Uma blasfêmia. Assim Ana Carolina definiu Das Tripas Coração (1982). Religião, culpa, desejo. Acompanhados de repressão, é claro. Para além dos ruídos histriônicos, experimenta-se um mergulho no imaginário masculino acerca do desejo feminino. Portanto, presume-se histérico e perverso.
A intempestiva Betinha (Cristina Pereira), de Mar de Rosas (1977), cresce e desmembra-se em Renata (Dina Sfat) e Miriam (Xuxa Lopes). Um duplo que abraça, a um só tempo, idealização e pragmatismo (“eu me defendo há anos da sua profundidade assassina”). Quais os limites no ato de se encontrar no outro? Qual das duas não existe? Eterno confronto entre a cabeça e os tabus (“meu desejo não me faz mulher, me humilha”). Um verdadeiro campo de batalha, uma disputa de autoafirmação em que ganha aquela que tem a coragem de render-se ao “impulso mais mortal”.
Embora assuma um verniz psicanalítico e metafórico, o enunciado de Das Tripas Coração é simples e direto: o interventor Guido (Antônio Fagundes) vai a um colégio interno para moças comunicar que o estabelecimento será fechado. Enquanto aguarda o início da reunião com as diretoras da instituição, acaba cochilando e suas fantasias mais lascivas vêm à tona.
Ao entrar em cena, ele discursa com firmeza e entusiasmo sobre os planos futuros para o local: a construção de um enorme prédio. Afinado à promessa desenvolvimentista de um “Brasil grande” propagandeado e vendido pelo regime militar. Marchar, marchar, marchar. Sempre em frente. Canções ufanistas, hinos escolares que bradam o progresso e obediência se sobrepõem, com frequência, às falas das personagens. O coletivo está acima do indivíduo e seu livre-arbítrio. Mas onde há fumaça, há fogo e resistência: as pianistas se recusam a tocar “já podeis da pátria filho” no evento do colégio.

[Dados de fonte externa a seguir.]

Lemma expL_time_equicont p N G0 A c w T : (p <> 0)%nat -> adj01 G0 A -> 0 <= c -> 0 <= T -> unif_cont p N G0 w ->
  time_equicont p N G0 (fun t => expL p N G0 A (c * t) w) T.
Proof.
  intros Hp HA Hc HT Hw. destruct (unif_cont_bounded p N G0 w Hp Hw) as [Bw [HBw Hb]].
  set (K := gen_bound p N G0 * Bw * exp (gen_bound p N G0 * (c * T))).
  assert (HK : 0 <= K) by (unfold K; pose proof (gen_bound_nonneg p N G0); pose proof (exp_pos (gen_bound p N G0 * (c * T))); solve_nonneg).
  intros e He. exists (e / (c * K + 1)). split. apply Rdiv_lt_0_compat; auto. assert (0 <= c * K) by solve_nonneg. lra.
  intros s s' Hs Hs' Hd x Hx.
  eapply Rle_trans. apply (expL_time p N G0 A (c * s) (c * s') (c * T) w Bw x); auto.
  rewrite Rabs_right by (apply Rle_ge; nra). apply Rmult_le_compat_l; nra.
  rewrite Rabs_right by (apply Rle_ge; nra). apply Rmult_le_compat_l; nra.
  fold K. replace (c * s - c * s') with (c * (s - s')) by ring. rewrite Rabs_mult, (Rabs_right c) by lra.
  assert (0 <= c * K) by solve_nonneg.
  apply Rle_trans with (e / (c * K + 1) * (c * K)).
  - replace (c * Rabs (s - s') * K) with (Rabs (s - s') * (c * K)) by ring.
    apply Rmult_le_compat_r; auto. lra.
  - replace (e / (c * K + 1) * (c * K)) with (e - e / (c * K + 1)) by (field; lra).
    assert (0 < e / (c * K + 1)) by (apply Rdiv_lt_0_compat; lra). lra.
Qed.

Lemma time_equicont_plus p N G0 (G1 G2 : R -> digseq -> R) T : time_equicont p N G0 G1 T -> time_equicont p N G0 G2 T ->
  time_equicont p N G0 (fun t x => G1 t x + G2 t x) T.
Proof.
  intros H1 H2 e He. destruct (H1 (e / 2)) as [d1 [Hd1 A1]]; [lra|]. destruct (H2 (e / 2)) as [d2 [Hd2 A2]]; [lra|].
  exists (Rmin d1 d2). split. apply Rmin_glb_lt; auto. intros s s' Hs Hs' Hd x Hx.
  replace (G1 s x + G2 s x - (G1 s' x + G2 s' x)) with ((G1 s x - G1 s' x) + (G2 s x - G2 s' x)) by ring.
  eapply Rle_trans. apply Rabs_triang.
  assert (Rabs (G1 s x - G1 s' x) <= e / 2) by (apply A1; auto; eapply Rlt_le_trans; [apply Hd|apply Rmin_l]).
  assert (Rabs (G2 s x - G2 s' x) <= e / 2) by (apply A2; auto; eapply Rlt_le_trans; [apply Hd|apply Rmin_r]).
  lra.
Qed.

Lemma mild_map_regular p N G0 A eps d F Gf L M w z U V T B : (p <> 0)%nat -> adj01 G0 A -> 0 < eps -> 0 < d -> 0 <= T ->
  0 <= L -> lipschitz F L -> lipschitz Gf L -> (N <= M)%nat -> locconst p N G0 M w -> locconst p N G0 M z ->
  (forall s, locconst p N G0 M (U s) /\ locconst p N G0 M (V s)) -> regular_pair p N G0 U V T B ->
  exists B', regular_pair p N G0 (mild_map_u p N G0 A eps F w U V) (mild_map_v p N G0 A eps d Gf z U V) T B'.
Proof.
  intros Hp HA He Hd HT HL HF HG HM Hw Hz HLC HPG.
  assert (Uw : unif_cont p N G0 w) by (eapply locconst_unif_cont; eauto). assert (Uz : unif_cont p N G0 z) by (eapply locconst_unif_cont; eauto).
  destruct (unif_cont_bounded p N G0 w Hp Uw) as [Bw [HBw Hbw]].
  destruct (unif_cont_bounded p N G0 z Hp Uz) as [Bz [HBz Hbz]].
  assert (GF := nemytskii_admissible p N G0 F L U V T B Hp HL HF HPG).
  assert (GG := nemytskii_admissible p N G0 Gf L U V T B Hp HL HG HPG).
  set (BF := Rabs (F 0 0) + L * (2 * B)). set (BG := Rabs (Gf 0 0) + L * (2 * B)).
  assert (Hed : 0 <= eps * d) by nra.
  set (E1 := growth p N G0 eps T). set (E2 := growth p N G0 (eps * d) T).
  assert (HE1 : 1 <= E1) by (apply growth_ge1; lra). assert (HE2 : 1 <= E2) by (apply growth_ge1; lra).
  assert (HBF : 0 <= BF) by apply GF. assert (HBG : 0 <= BG) by apply GG.
  exists (Bw * E1 + E1 * (T * BF) + (Bz * E2 + E2 * (T * BG))).
  split; [|split; [|split; [|split]]].
  - solve_nonneg_sum.
  - intros s Hs. split; apply (locconst_unif_cont p N G0 M); auto.
    apply mild_map_u_locconst; auto. apply mild_map_v_locconst; auto.
  - intros s Hs x Hx. unfold mild_map_u, mild_map_v.
    assert (X1 : Rabs (expL p N G0 A (eps * s) w x) <= Bw * E1).
    { eapply Rle_trans. apply (expL_bound p N G0 A (eps * s) w Bw x Hp HA Uw HBw Hbw Hx).
      apply Rmult_le_compat_l; auto. apply exp_arg_le; try lra.
      rewrite Rabs_right by (apply Rle_ge; nra). apply Rmult_le_compat_l; lra. }
    assert (X2 : Rabs (expL p N G0 A (eps * d * s) z x) <= Bz * E2).
    { eapply Rle_trans. apply (expL_bound p N G0 A (eps * d * s) z Bz x Hp HA Uz HBz Hbz Hx).
      apply Rmult_le_compat_l; auto. apply exp_arg_le; try lra.
      rewrite Rabs_right by (apply Rle_ge; nra). apply Rmult_le_compat_l; lra. }
    assert (X3 : Rabs (duhamel p N G0 A eps (nemytskii F U V) s x) <= E1 * (T * BF)).
    { eapply Rle_trans. apply (duhamel_bound p N G0 A eps (nemytskii F U V) T BF); auto. lra.
      apply Rmult_le_compat_l. lra. apply Rmult_le_compat_r; lra. }
    assert (X4 : Rabs (duhamel p N G0 A (eps * d) (nemytskii Gf U V) s x) <= E2 * (T * BG)).
    { eapply Rle_trans. apply (duhamel_bound p N G0 A (eps * d) (nemytskii Gf U V) T BG); auto.
      apply Rmult_le_compat_l. lra. apply Rmult_le_compat_r; lra. }
    assert (0 <= Bw * E1 + E1 * (T * BF)) by solve_nonneg_sum. assert (0 <= Bz * E2 + E2 * (T * BG)) by solve_nonneg_sum.
    pose proof (Rabs_triang (expL p N G0 A (eps * s) w x) (duhamel p N G0 A eps (nemytskii F U V) s x)).
    pose proof (Rabs_triang (expL p N G0 A (eps * d * s) z x) (duhamel p N G0 A (eps * d) (nemytskii Gf U V) s x)).
    split; lra.
  - apply (time_equicont_plus p N G0 (fun t => expL p N G0 A (eps * t) w) (duhamel p N G0 A eps (nemytskii F U V)) T).
    apply expL_time_equicont; auto; lra. apply (duhamel_time_equicont p N G0 A eps _ T BF); auto; lra.
  - apply (time_equicont_plus p N G0 (fun t => expL p N G0 A (eps * d * t) z) (duhamel p N G0 A (eps * d) (nemytskii Gf U V)) T).
    apply expL_time_equicont; auto. apply (duhamel_time_equicont p N G0 A (eps * d) _ T BG); auto.
Qed.

Lemma geo_cauchy (a : nat -> R) C : 0 <= C -> (forall k, Rabs (a (S k) - a k) <= C / 2 ^ k) ->
  (forall n j, Rabs (a (n + j)%nat - a n) <= 2 * C / 2 ^ n - 2 * C / 2 ^ (n + j)) /\
  Un_cv a (Lim a) /\ forall n, Rabs (Lim a - a n) <= 2 * C / 2 ^ n.
Proof.
  intros HC H.
  assert (H1 : forall n j, Rabs (a (n + j)%nat - a n) <= 2 * C / 2 ^ n - 2 * C / 2 ^ (n + j)).
  { intros n j. induction j.
    - rewrite Nat.add_0_r, Rminus_diag, Rabs_R0. lra.
    - replace (a (n + S j)%nat - a n) with ((a (S (n + j)) - a (n + j)%nat) + (a (n + j)%nat - a n))
        by (rewrite Nat.add_succ_r; ring).
      eapply Rle_trans. apply Rabs_triang. specialize (H (n + j)%nat).
      rewrite Nat.add_succ_r. simpl pow.
      assert (0 < 2 ^ (n + j)) by (apply pow_lt; lra).
      replace (2 * C / 2 ^ n - 2 * C / (2 * 2 ^ (n + j))) with
        ((2 * C / 2 ^ n - 2 * C / 2 ^ (n + j)) + C / 2 ^ (n + j)) by (field; repeat split; apply pow_nonzero; lra).
      lra. }
  assert (H2 : forall n m, (n <= m)%nat -> Rabs (a m - a n) <= 2 * C / 2 ^ n).
  { intros n m Hnm. replace m with (n + (m - n))%nat by lia. eapply Rle_trans. apply H1.
    assert (0 <= 2 * C / 2 ^ (n + (m - n))). { unfold Rdiv. apply Rmult_le_pos. lra. left; apply Rinv_0_lt_compat, pow_lt; lra. }
    lra. }
  assert (Hc : Un_cv a (Lim a)).
  { apply Lim_cauchy. intros e He.
    destruct (nat_large (e / (2 * C + 1))) as [n0 [Hn0 Hl]]. apply Rdiv_lt_0_compat; lra.
    exists n0. intros n m Hn Hm. unfold Rdist.
    assert (Hsm : forall k, (n0 <= k)%nat -> 2 * C / 2 ^ k < e).
    { intros k Hk. specialize (Hl k Hk). assert (0 < INR k) by (apply lt_0_INR; lia).
      pose proof (INR_le_pow2 k).
      apply Rle_lt_trans with ((2 * C + 1) / INR k).
      unfold Rdiv. apply Rmult_le_compat; try lra. left; apply Rinv_0_lt_compat; lra. apply Rinv_le_contravar; lra.
      apply (Rmult_lt_reg_r (/ (2 * C + 1))). apply Rinv_0_lt_compat; lra.
      replace ((2 * C + 1) / INR k * / (2 * C + 1)) with (/ INR k) by (field; lra).
      replace (e * / (2 * C + 1)) with (e / (2 * C + 1)) by (unfold Rdiv; ring). auto. }
    destruct (Nat.le_ge_cases n m).
    - rewrite Rabs_minus_sym. eapply Rle_lt_trans. apply H2; auto. apply Hsm; auto.
    - eapply Rle_lt_trans. apply H2; auto. apply Hsm; auto. }
  split; auto. split; auto. intros n.
  apply (cv_abs_bound_ev (fun m => a m - a n) _ _ n).
  apply CV_minus; auto. intros e He; exists 0%nat; intros; unfold Rdist; rewrite Rminus_diag, Rabs_R0; lra.
  intros m Hm. apply H2; auto.
Qed.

Em Das Tripas Coração, os diálogos são estruturados com base em monólogos interiores. As conversas acontecem em tom de sermão. Toda a comunicação se dá num registro truncado, alegórico, estridente, mas poético. Afinal, “até Maria, apesar da beleza, carrega o pecado original”. Beleza e pecado, lado a lado.
Ainda que punição e medo — corporificados em cobras, ratos e pássaros — espreitam, em variadas medidas, as personagens do filme, não se pode negar que exista, também, um aceno otimista ao futuro. Às novas gerações, quem sabe mais libertárias como as alunas do internato, que encaram de maneira mais frontal, sem freios, o entretom de sua sexualidade.
Ditados e expressões com duplo sentido ganham a materialidade das imagens. “Às vezes, você não tem o sentimento de que está inteiramente nua?”, “às vezes, eu me sinto inteiramente exposta”, dizem Renata e Miriam, a certa altura, enquanto caminham despidas pelo corredor da escola. A troca de roupas entre as personagens femininas e masculinas, bem como a barba e os penteados, inscrevem-se organicamente em um espectro fluido e ambíguo de gêneros.
Retornamos, por fim, à pergunta que norteia toda a obra da diretora: quem é que manda aqui? A fragilidade da ordem a ser mantida, da boa educação para moças que deve ser conservada. Um piano que despenca pela janela, espatifa no chão e lá se foram todos os estatutos.
Ante a vulcânica criação de Ana Carolina, talvez não seja delirante consentir com o filósofo Erasmo de Roterdã quando afirma que “é justamente pela loucura que as mulheres são mais felizes do que os homens”.